I really screwed up this time; I’m such a failure (internal or personal explanation). I knew this might happen; it always does (stable or permanent explanation). I can’t seem to do anything (global or pervasive explanation). The longer Michael ruminates about his “failure,” the more likely he is to become depressed. He has what Seligman calls a “pessimistic explanatory style.”
Let’s look at the same situation, but as someone with an “optimistic explanatory style” might:
Oh boy…I’m not going to make the deadline. I was afraid this might happen because of that server glitch (external explanation). Now that the server is back, I can finish the final section and give him what’s finished (unstable/temporary explanation).

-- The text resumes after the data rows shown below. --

(* The condition behind the maximum acyclic induced subgraph bound, in
   least-fixpoint form: starting from the messages outside I, receivers can
   successively decode all messages. *)
Definition complement_decodes (I : {set 'I_N}) : Prop :=
  forall D : {set 'I_N}, ~: I \subset D -> decoding_closed D -> D = [set: 'I_N].

Section ValidCode.
Variables (A : finType) (m l : nat) (enc : ('I_N -> 'I_m -> A) -> 'I_l -> A)
  (Rs : 'I_n -> {set 'I_l})
  (dec : forall i : 'I_n,
           (forall k : 'I_l, k \in Rs i -> A) ->
           (forall j : 'I_N, j \in K i -> 'I_m -> A) ->
           (forall j : 'I_N, j \in W i -> 'I_m -> A)).
Hypothesis code_valid : valid_index_code enc dec.

Lemma valid_code_decodes (x1 x2 : 'I_N -> 'I_m -> A) (i : 'I_n) :
  enc x1 =1 enc x2 -> {in K i, forall j, x1 j =1 x2 j} ->
  {in W i, forall j, x1 j =1 x2 j}.
Proof.
move=> enc12 K12 j Wj t; rewrite -(code_valid x1 Wj t) -(code_valid x2 Wj t).
have -> : (fun k (_ : k \in Rs i) => enc x1 k) = (fun k _ => enc x2 k).
  by apply: functional_extensionality_dep => k; apply: funext => _; apply: enc12.
have -> // : (fun j' (_ : j' \in K i) => x1 j') = (fun j' _ => x2 j').
apply: functional_extensionality_dep => j'; apply: funext => Kj'.
by apply: funext; apply: K12.
Qed.

Lemma complement_decodes_agree (I : {set 'I_N}) (x1 x2 : 'I_N -> 'I_m -> A) :
  complement_decodes I -> enc x1 =1 enc x2 ->
  {in ~: I, forall j, x1 j =1 x2 j} -> forall j, x1 j =1 x2 j.
Proof.
move=> decI enc12 out12.
pose D := [set j | [forall t, x1 j t == x2 j t]].
have DP j : reflect (x1 j =1 x2 j) (j \in D).
  by rewrite inE; apply: (iffP forallP) => h t; apply/eqP.
have D_closed : decoding_closed D.
  move=> i /fintype.subsetP KD; apply/fintype.subsetP => j Wj; apply/DP.
  by apply: valid_code_decodes Wj => // j' /KD /DP.
have outD : ~: I \subset D by apply/fintype.subsetP => j /out12 /DP.
by move=> j; apply/DP; rewrite (decI D outD D_closed) finset.in_setT.
Qed.
(* Let $\frac23\le M<\frac34$. Algorithm D (defined in the context) has migration factor at most $M$, and on every input whose optimal offline makespan is $1$ it produces a schedule of makespan at most $2-M$. Hence its competitive ratio is at most $2-M$.
   Context: Model (two hierarchical machines with migration, bin stretching). Jobs $1,2,\dots,n$ arrive one by one ($n$ unknown in advance). Job $j$ has a size $p_j>0$ and a grade of service (GoS) $g_j\in\{1,2\}$; a job of GoS $1$ may only be processed on machine $m_1$, a job of GoS $2$ may be processed on $m_1$ or on $m_2$. The load of a machine is the total size of its jobs, the makespan is the maximum load. When job $j$ arrives, the algorithm must assign it, and may migrate previously arrived jobs (respecting GoS) of total size at most $M\cdot p_j$ (migration factor $M$). Bin stretching: the optimal offline makespan of the complete input is known in advance and scaled to $1$. The competitive ratio is the supremum over inputs of (algorithm's makespan)/(optimal makespan). Notation: $Y_{j}$ is the set of jobs on $m_2$ just after job $j$ has been handled, $y_j$ its total size, $y_0=0$; ''sorted $Y_{j-1}$'' lists $Y_{j-1}$ in non-increasing order of size; $w_j$ is the total size of the (current) set $W$. Algorithm D (parameter $M$). On arrival of job $j$: Step 2: if $g_j=1$ or $y_{j-1}\ge M$, assign $j$ to $m_1$. Step 3: else if $y_{j-1}+p_j\le 2-M$, assign $j$ to $m_2$. Step 4: else if $p_j\ge M$: let $W$ be the longest prefix of sorted $Y_{j-1}$ with total size at most $M\cdot p_j$ (possibly empty). If $y_{j-1}-w_j+p_j>2-M$, assign $j$ to $m_1$; otherwise migrate the jobs of $W$ to $m_1$ and assign $j$ to $m_2$. Step 5: else (so $p_j<M$): let $W$ be the shortest prefix of sorted $Y_{j-1}$ with total size at least $M/3$ (or $Y_{j-1}$ if none exists). If $w_j>\min\{2M/3,\,M\cdot p_j\}$, replace $W$ by $Y_{j-1}\setminus W$. Then, if $y_{j-1}-w_j+p_j>2-M$, assign $j$ to $m_1$; otherwise migrate the jobs of $W$ to $m_1$ and assign $j$ to $m_2$. *)

(* Two hierarchical machines with migration, bin stretching,
   Algorithm D. Jobs are indexed 0 .. n-1 (job j of the paper is index j-1). *)
From mathcomp Require Import all_boot all_order all_algebra.
Set Implicit Arguments. Unset Strict Implicit. Unset Printing Implicit Defensive.
Import Order.TTheory GRing.Theory Num.Theory.
Local Open Scope ring_scope.
Lemma curve_first_order x :
  (forall i j, (i < m)%nat -> (j < p)%nat ->
     mmul p (dmat Qt x) (Rt x) i j + mmul p (Qt x) (dmat Rt x) i j = X i j) /\
  (forall a b, (a < p)%nat -> (b < p)%nat ->
     mmul m (transpose (Qt x)) (dmat Qt x) a b + mmul m (transpose (dmat Qt x)) (Qt x) a b = 0) /\
  (forall k j, (j < k)%nat -> (k < p)%nat -> dmat Rt x k j = 0).
Proof.
  split; [|split].
  - intros i j Hi Hj. rewrite <- (curve_Derive_B i j x), <- (Derive_mmul p Qt Rt).
    + apply Derive_ext; intros t. destruct (curve_qr t) as (_ & _ & _ & HB). rewrite HB; auto.
    + intros; apply curve_Q_C1; auto.
    + intros; apply curve_R_C1; auto.
  - intros a b Ha Hb. rewrite Rplus_comm.
    change (transpose (dmat Qt x)) with (dmat (fun t => transpose (Qt t)) x).
    rewrite <- (Derive_mmul m (fun t => transpose (Qt t)) Qt), <- (Derive_const (delta a b) x).
    + apply Derive_ext; intros t. destruct (curve_qr t) as (HS & _). apply HS; auto.
    + intros; apply curve_Q_C1; auto.
    + intros; apply curve_Q_C1; auto.
  - intros k j Hjk Hk. unfold dmat. rewrite <- (Derive_const 0 x).
    apply Derive_ext; intros t. destruct (curve_qr t) as (_ & Hup & _). apply Hup; auto.
Qed.
Theorem mainTheorem4 (R : realType) (gamma v0 V0 C alpha : R)
    (g u0 s v : R -> R) (u : R -> R -> R) :
  0 < gamma -> 0 < v0 -> v0 <= V0 ->
  kinetics v0 V0 C g ->
  0 <= alpha -> alpha < Num.min (v0 / 4) (gamma / (2 * V0)) ->
  in_C_alpha alpha u0 ->
  free_interface_solution gamma g u0 s v u ->
  (forall t, 0 < t -> - V0 <= v t <= - v0) ->
  forall t, 0 < t -> forall x,
    ((expR (alpha * `|x - s t|))%:E * `| T1 gamma s v x t | <= (V0 / Num.sqrt gamma)%:E)%E.
Proof.
move=> gamma0 v00 v0V0 _ a0 a_lt _ [_ [s_cont [s_der _]]] v_bd t t0 x.
have c_ge := decay_rate_ge_quarter v00 v0V0 a0 a_lt.
set c := gamma - _ - _ in c_ge *; have c0 : 0 < c by lra.
have v_le tau : 0 < tau -> `|v tau| <= V0.
  by move=> /v_bd /andP[? ?]; rewrite ler_norml; apply/andP; split; lra.
have sv tau : 0 < tau < t -> `|s tau - s t| <= V0 * (t - tau) /\ `|v tau| <= V0.
  case/andP=> tau0 taut; split; last exact: v_le.
  rewrite distrC; apply: MVT_norm_le => // [|y /andP[tau_y _]].
    by apply: continuous_subspaceW s_cont => y /=; rewrite in_itv /=; lra.
  have y0 := lt_trans tau0 tau_y.
  by have [? ->] := s_der y y0; split => //; exact: v_le.
apply: le_trans (lee_wpmul2l _ (abse_T1_le gamma alpha V0 s v x t t0 a0 c0 sv)) _.
  by rewrite lee_fin expR_ge0.
rewrite -EFinM lee_fin mulrCA -expRD addrN expR0 mulr1.
have sqrt_gamma_le : Num.sqrt gamma <= 2 * Num.sqrt c.
  have := sqr_sqrtr (ltW gamma0); have := sqr_sqrtr (ltW c0).
  by have := sqrtr_ge0 gamma; have := sqrtr_ge0 c; nra.
have V00 : 0 <= V0 by lra.
by rewrite -/c ler_wpM2l // lef_pV2 ?posrE ?mulr_gt0 ?sqrtr_gt0.
Qed.
(* Under the assumptions of the following setting, the solution $(S_t,Q_t)$ of the deterministic delayed system \[ S_t'=\big[\alpha-k\sigma(Q_t)\big]S_t,\qquad Q_t'=d-mQ_t-k\sigma(Q_t)S_t+k\,b\,e^{-\mu\zeta}\sigma(Q_{t-\zeta})S_{t-\zeta},\quad t\ge0, \] with continuous initial functions $(S_{0,t},Q_{0,t})$ on $[-\zeta,0]$ satisfies, for some constant $c>0$ and all $t\ge0$, \[ |(S_t,Q_t)-E_0|\le c\,e^{-\eta t},\qquad E_0=(0,d/m),\quad\eta=\gamma\wedge\tfrac m2, \] where $\gamma=kd/m-\alpha$. Assumptions: $\gamma>0$, $M>d/m$, and for all $t\in[-\zeta,0]$: (i) $(S_{0,t},Q_{0,t})\in[0,M]\times[d/m,M]$; (ii) $b\,e^{-\mu\zeta}Q_{0,t}S_{0,t}>\frac dm S_{0,0}$ and $b\,e^{-\mu\zeta}>1$; (iii) $S_{0,t}<\frac{mM-d}{kbe^{-\mu\zeta}M}$.
   Context: Parameters $\alpha,k,d,m,b,\mu,\zeta,M$ are positive constants. $\sigma:\mathbb R_+\to\mathbb R_+$ is a $C^\infty$ function with $\sigma(x)=x$ for $0\le x\le M$, $\sigma(x)=M+1$ for $x>M+1$, and $0\le\sigma'(x)\le C$ for some constant $C>1$. $|\cdot|$ is the Euclidean norm. *)

From Stdlib Require Import Reals Lra.
Open Scope R_scope.

Definition smooth_with (f : R -> R) (D : nat -> R -> R) : Prop :=
  D 0%nat = f /\ forall (n : nat) (x : R), derivable_pt_lim (D n) x (D (S n) x).

Definition continuous_from (a : R) (f : R -> R) : Prop :=
  forall t, a <= t -> forall eps, 0 < eps -> exists delta, 0 < delta /\
    forall s, a <= s -> Rabs (s - t) < delta -> Rabs (f s - f t) < eps.

Definition right_deriv (f : R -> R) (t l : R) : Prop :=
  forall eps, 0 < eps -> exists delta, 0 < delta /\
    forall h, 0 < h < delta -> Rabs ((f (t + h) - f t) / h - l) < eps.

(* Write beta = b e^{-mu zeta} > 1 and gamma = k d/m - alpha > 0.
   1. Invariance: for all t >= 0, S t > 0 and d/m <= Q t <= M, so sigma(Q) = Q.
      This is a continuous induction on [0, oo).  While the invariant holds,
      S is nonincreasing; hence the delayed production k beta Q_D S_D stays above
      k (d/m) S (condition (ii), beta > 1) and below m M - d (condition (iii)),
      so Q' > 0 whenever Q touches d/m and Q' < 0 whenever Q touches M.
   2. Decay of S: in the region S' + gamma S <= 0, so S t <= S 0 e^{-gamma t}.
   3. Decay of Q - d/m: (Q - d/m)' + m (Q - d/m) <= k beta M S(t - zeta), which
      decays like e^{-gamma t}; a linear comparison argument with forcing gives
      decay at any rate eta <= gamma with eta < m, in particular min(gamma, m/2).
   The file first proves general facts (mean value consequences, integrating
   factors, one-sided continuity and derivatives, continuous induction), then
   the model lemmas in a section parameterized by beta, and finally the theorem. *)

From Stdlib Require Import Reals Lra Classical.
Open Scope R_scope.

Lemma exp_le_mono x y : x <= y -> exp x <= exp y.
Proof.
  intros Hxy; destruct (Rle_lt_or_eq_dec _ _ Hxy) as [Hlt | ->].
  - left; apply exp_increasing, Hlt.
  - apply Rle_refl.
Qed.

Lemma nonincreasing_of_deriv_nonpos (f df : R -> R) a b :
  a <= b ->
  (forall x, a <= x <= b -> continuity_pt f x) ->
  (forall x, a < x < b -> derivable_pt_lim f x (df x)) ->
  (forall x, a < x < b -> df x <= 0) ->
  f b <= f a.
Proof.
  intros Hab Hcont Hder Hsign.
  destruct (Rle_lt_or_eq_dec _ _ Hab) as [Hlt | ->]; [| apply Rle_refl].
  assert (prf : forall x, a < x < b -> derivable_pt f x)
    by (intros x Hx; exists (df x); apply Hder, Hx).
  assert (prid : forall x, a < x < b -> derivable_pt id x)
    by (intros x _; apply derivable_pt_id).
  destruct (MVT f id a b prf prid Hlt Hcont) as [x [Hx Hmvt]].
  { intros x _; apply derivable_continuous_pt, derivable_pt_id. }
  rewrite (derive_pt_eq_0 f x (df x) (prf x Hx) (Hder x Hx)) in Hmvt.
  rewrite (derive_pt_eq_0 id x 1 (prid x Hx) (derivable_pt_lim_id x)) in Hmvt.
  unfold id in Hmvt. pose proof (Hsign x Hx). nra.
Qed.

Lemma derivable_pt_lim_exp_lin a t :
  derivable_pt_lim (fun x => exp (a * x)) t (a * exp (a * t)).
Proof.
  rewrite Rmult_comm.
  apply (derivable_pt_lim_comp (fun x => a * x) exp t a (exp (a * t))).
  - pose proof (derivable_pt_lim_scal id a t 1 (derivable_pt_lim_id t)) as H.
    rewrite Rmult_1_r in H; exact H.
  - apply derivable_pt_lim_exp.
Qed.

Lemma continuity_pt_exp_lin a t : continuity_pt (fun x => exp (a * x)) t.
Proof.
  apply derivable_continuous_pt. exists (a * exp (a * t)).
  apply derivable_pt_lim_exp_lin.
Qed.

Lemma derivable_pt_lim_mult_exp (f : R -> R) l a t :
  derivable_pt_lim f t l ->
  derivable_pt_lim (fun x => f x * exp (a * x)) t ((l + a * f t) * exp (a * t)).
Proof.
  intros Hf.
  replace ((l + a * f t) * exp (a * t))
    with (l * exp (a * t) + f t * (a * exp (a * t))) by ring.
  apply (derivable_pt_lim_mult f (fun x => exp (a * x))); [exact Hf |].
  apply derivable_pt_lim_exp_lin.
Qed.

Lemma integrating_factor_bound (f df : R -> R) a lo hi :
  lo <= hi ->
  (forall x, lo <= x <= hi -> continuity_pt f x) ->
  (forall x, lo < x < hi -> derivable_pt_lim f x (df x)) ->
  (forall x, lo < x < hi -> df x + a * f x <= 0) ->
  f hi * exp (a * hi) <= f lo * exp (a * lo).
Proof.
  intros Hlh Hcont Hder Hsign.
  apply (nonincreasing_of_deriv_nonpos (fun x => f x * exp (a * x))
           (fun x => (df x + a * f x) * exp (a * x))); [exact Hlh | | |].
  - intros x Hx. apply continuity_pt_mult; [apply Hcont, Hx | apply continuity_pt_exp_lin].
  - intros x Hx. apply derivable_pt_lim_mult_exp, Hder, Hx.
  - intros x Hx. pose proof (exp_pos (a * x)). pose proof (Hsign x Hx). nra.
Qed.

Lemma undo_integrating_factor x a t c :
  x * exp (a * t) <= c -> x <= c * exp (- a * t).
Proof.
  intros H.
  assert (Hcancel : exp (a * t) * exp (- a * t) = 1)
    by (rewrite <- exp_plus, <- exp_0; f_equal; ring).
  pose proof (exp_pos (- a * t)).
  replace x with (x * exp (a * t) * exp (- a * t)) by (rewrite Rmult_assoc, Hcancel; ring).
  apply Rmult_le_compat_r; lra.
Qed.

(* Proof: g = f - K exp (- eta t), K = B / (a - eta),
   satisfies g' + a g <= 0. *)
Lemma forced_decay_bound (f df : R -> R) a eta B :
  0 <= eta < a -> 0 <= B ->
  (forall x, 0 <= x -> continuity_pt f x) ->
  (forall x, 0 < x -> derivable_pt_lim f x (df x)) ->
  (forall x, 0 < x -> df x + a * f x <= B * exp (- eta * x)) ->
  forall t, 0 <= t -> f t <= Rmax (f 0) (B / (a - eta)) * exp (- eta * t).
Proof.
  intros [Heta0 Heta] HB Hcont Hder Hforce t Ht.
  set (K := B / (a - eta)).
  assert (HK : 0 <= K) by (unfold K, Rdiv; apply Rmult_le_pos;
                           [lra | left; apply Rinv_0_lt_compat; lra]).
  assert (HKB : K * (a - eta) = B) by (unfold K; field; lra).
  set (g := fun x => f x - K * exp (- eta * x)).
  assert (Hg : g t * exp (a * t) <= g 0 * exp (a * 0)).
  { apply (integrating_factor_bound g (fun x => df x + eta * K * exp (- eta * x)));
      [exact Ht | | |].
    - intros x Hx. apply (continuity_pt_minus f (fun y => K * exp (- eta * y))).
      + apply Hcont; lra.
      + apply (continuity_pt_scal (fun y => exp (- eta * y))), continuity_pt_exp_lin.
    - intros x Hx.
      replace (df x + eta * K * exp (- eta * x))
        with (df x - K * (- eta * exp (- eta * x))) by ring.
      apply (derivable_pt_lim_minus f (fun y => K * exp (- eta * y))).
      + apply Hder; lra.
      + apply (derivable_pt_lim_scal (fun y => exp (- eta * y))), derivable_pt_lim_exp_lin.
    - intros x Hx. unfold g.
      replace (df x + eta * K * exp (- eta * x) + a * (f x - K * exp (- eta * x)))
        with (df x + a * f x - B * exp (- eta * x)) by (rewrite <- HKB; ring).
      pose proof (Hforce x ltac:(lra)). lra. }
  assert (Hg0 : g 0 * exp (a * 0) = f 0 - K)
    by (unfold g; rewrite !Rmult_0_r, exp_0; ring).
  assert (Hgt : g t <= (f 0 - K) * exp (- a * t))
    by (apply undo_integrating_factor; rewrite <- Hg0; exact Hg).
  assert (Hrates : exp (- a * t) <= exp (- eta * t)) by (apply exp_le_mono; nra).
  pose proof (exp_pos (- a * t)). pose proof (exp_pos (- eta * t)).
  unfold g in Hgt.
  destruct (Rle_lt_dec K (f 0)).
  - rewrite Rmax_left by lra. nra.
  - rewrite Rmax_right by lra. nra.
Qed.

Lemma continuity_pt_of_continuous_from a f t :
  continuous_from a f -> a < t -> continuity_pt f t.
Proof.
  intros Hf Ht eps Heps.
  destruct (Hf t (Rlt_le _ _ Ht) eps Heps) as [del [Hdel Hclose]].
  exists (Rmin del (t - a)). split; [apply Rmin_pos; lra |].
  intros x [_ Hx]. simpl in *. unfold R_dist in *.
  pose proof (Rmin_l del (t - a)). pose proof (Rmin_r del (t - a)).
  apply Hclose; [| lra].
  assert (Hxt : Rabs (x - t) < t - a) by lra.
  apply Rabs_def2 in Hxt. lra.
Qed.

Lemma continuous_from_opp a f :
  continuous_from a f -> continuous_from a (fun x => - f x).
Proof.
  intros Hf t Ht eps Heps.
  destruct (Hf t Ht eps Heps) as [del [Hdel Hclose]].
  exists del. split; [exact Hdel |]. intros s Hs Hst.
  replace (- f s - - f t) with (- (f s - f t)) by ring.
  rewrite Rabs_Ropp. apply Hclose; assumption.
Qed.

Lemma persistence_right a f t c :
  continuous_from a f -> a <= t -> c < f t ->
  exists del, 0 < del /\ forall s, t <= s < t + del -> c < f s.
Proof.
  intros Hf Ht Hc. destruct (Hf t Ht (f t - c) ltac:(lra)) as [del [Hdel Hclose]].
  exists del. split; [exact Hdel |]. intros s Hs.
  assert (Hst : Rabs (s - t) < del) by (rewrite Rabs_right; lra).
  apply Hclose in Hst; [| lra]. apply Rabs_def2 in Hst. lra.
Qed.

Lemma lower_bound_at_limit a f lo T c :
  continuous_from a f -> a <= lo < T ->
  (forall s, lo <= s < T -> c <= f s) -> c <= f T.
Proof.
  intros Hf HT Hbound. apply Rnot_lt_le. intro Hlt.
  destruct (Hf T ltac:(lra) (c - f T) ltac:(lra)) as [del [Hdel Hclose]].
  set (s := Rmax lo (T - del / 2)).
  assert (Hlo : lo <= s) by apply Rmax_l.
  assert (Hdelta : T - del / 2 <= s) by apply Rmax_r.
  assert (HsT : s < T) by (unfold s; apply Rmax_lub_lt; lra).
  assert (Hst : Rabs (s - T) < del) by (rewrite Rabs_left; lra).
  apply Hclose in Hst; [| lra]. apply Rabs_def2 in Hst.
  pose proof (Hbound s ltac:(lra)). lra.
Qed.

Lemma upper_bound_at_limit a f lo T c :
  continuous_from a f -> a <= lo < T ->
  (forall s, lo <= s < T -> f s <= c) -> f T <= c.
Proof.
  intros Hf HT Hbound.
  enough (- c <= - f T) by lra.
  apply (lower_bound_at_limit a (fun x => - f x) lo T);
    [apply continuous_from_opp, Hf | exact HT |].
  intros s Hs. pose proof (Hbound s Hs). lra.
Qed.

Lemma right_deriv_of_derivable f t l :
  derivable_pt_lim f t l -> right_deriv f t l.
Proof.
  intros H eps Heps. destruct (H eps Heps) as [del Hdel].
  exists del. split; [apply cond_pos |].
  intros h Hh. apply Hdel; [lra | rewrite Rabs_right; lra].
Qed.

Lemma right_deriv_opp f t l :
  right_deriv f t l -> right_deriv (fun x => - f x) t (- l).
Proof.
  intros H eps Heps. destruct (H eps Heps) as [del [Hdel Hclose]].
  exists del. split; [exact Hdel |]. intros h Hh.
  replace ((- f (t + h) - - f t) / h - - l) with (- ((f (t + h) - f t) / h - l))
    by (field; lra).
  rewrite Rabs_Ropp. apply Hclose, Hh.
Qed.

Lemma right_deriv_pos_increasing f t l :
  right_deriv f t l -> 0 < l ->
  exists del, 0 < del /\ forall s, t < s < t + del -> f t < f s.
Proof.
  intros H Hl. destruct (H (l / 2) ltac:(lra)) as [del [Hdel Hclose]].
  exists del. split; [exact Hdel |]. intros s Hs.
  specialize (Hclose (s - t) ltac:(lra)).
  replace (t + (s - t)) with s in Hclose by ring.
  apply Rabs_def2 in Hclose. destruct Hclose as [_ Hquot].
  assert (Hh : 0 < s - t) by lra.
  assert (Hprod : 0 < (f s - f t) / (s - t) * (s - t))
    by (apply Rmult_lt_0_compat; lra).
  replace ((f s - f t) / (s - t) * (s - t)) with (f s - f t) in Hprod by (field; lra).
  lra.
Qed.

Stuff happens…he knows about the server problem and that this was not my doing (local/specific explanation).
If explanatory style or what I tell myself about an event or experience can result in emotional upset, then it stands to reason that changing one’s pessimistic explanatory style can improve it. And if explanatory style is a function of one’s belief system or one’s “self-talk,” then this means it is something open to personal manipulation. In other words, if what I tell myself is self-defeating and negative, then telling myself something different—disputing the pessimistic self-talk—can affect its emotional result. In short, if I choose to “act on” instead of “react to” life events and personal experiences, I can rewrite the story of my life.
That said, it would be nice if all I had to do was acknowledge that my pessimistic explanatory style needed an overhaul and, voila, it changed. Unfortunately, change, especially change in one’s way of thinking…worldview if you will…does not happen simply because of a flash of insight. It takes time and hard work but Seligman notes that several months of cognitive therapy that attends to explanatory style not only yields results but essentially inoculates one against pessimism and lessens if not prevents it in the future. In his book, he outlines a self-directed regimen to affect explanatory style.
You know what you’ve learned and learn what you’re taught…but it is important to realize that that is not all there is to be known. Change is an inside job and as such, something over which we each have ultimate control. If unhappy with the story of your life, rewrite it! If, as Jonathan Winters once said, you are tired of waiting for your ship to come in, then swim out to meet it.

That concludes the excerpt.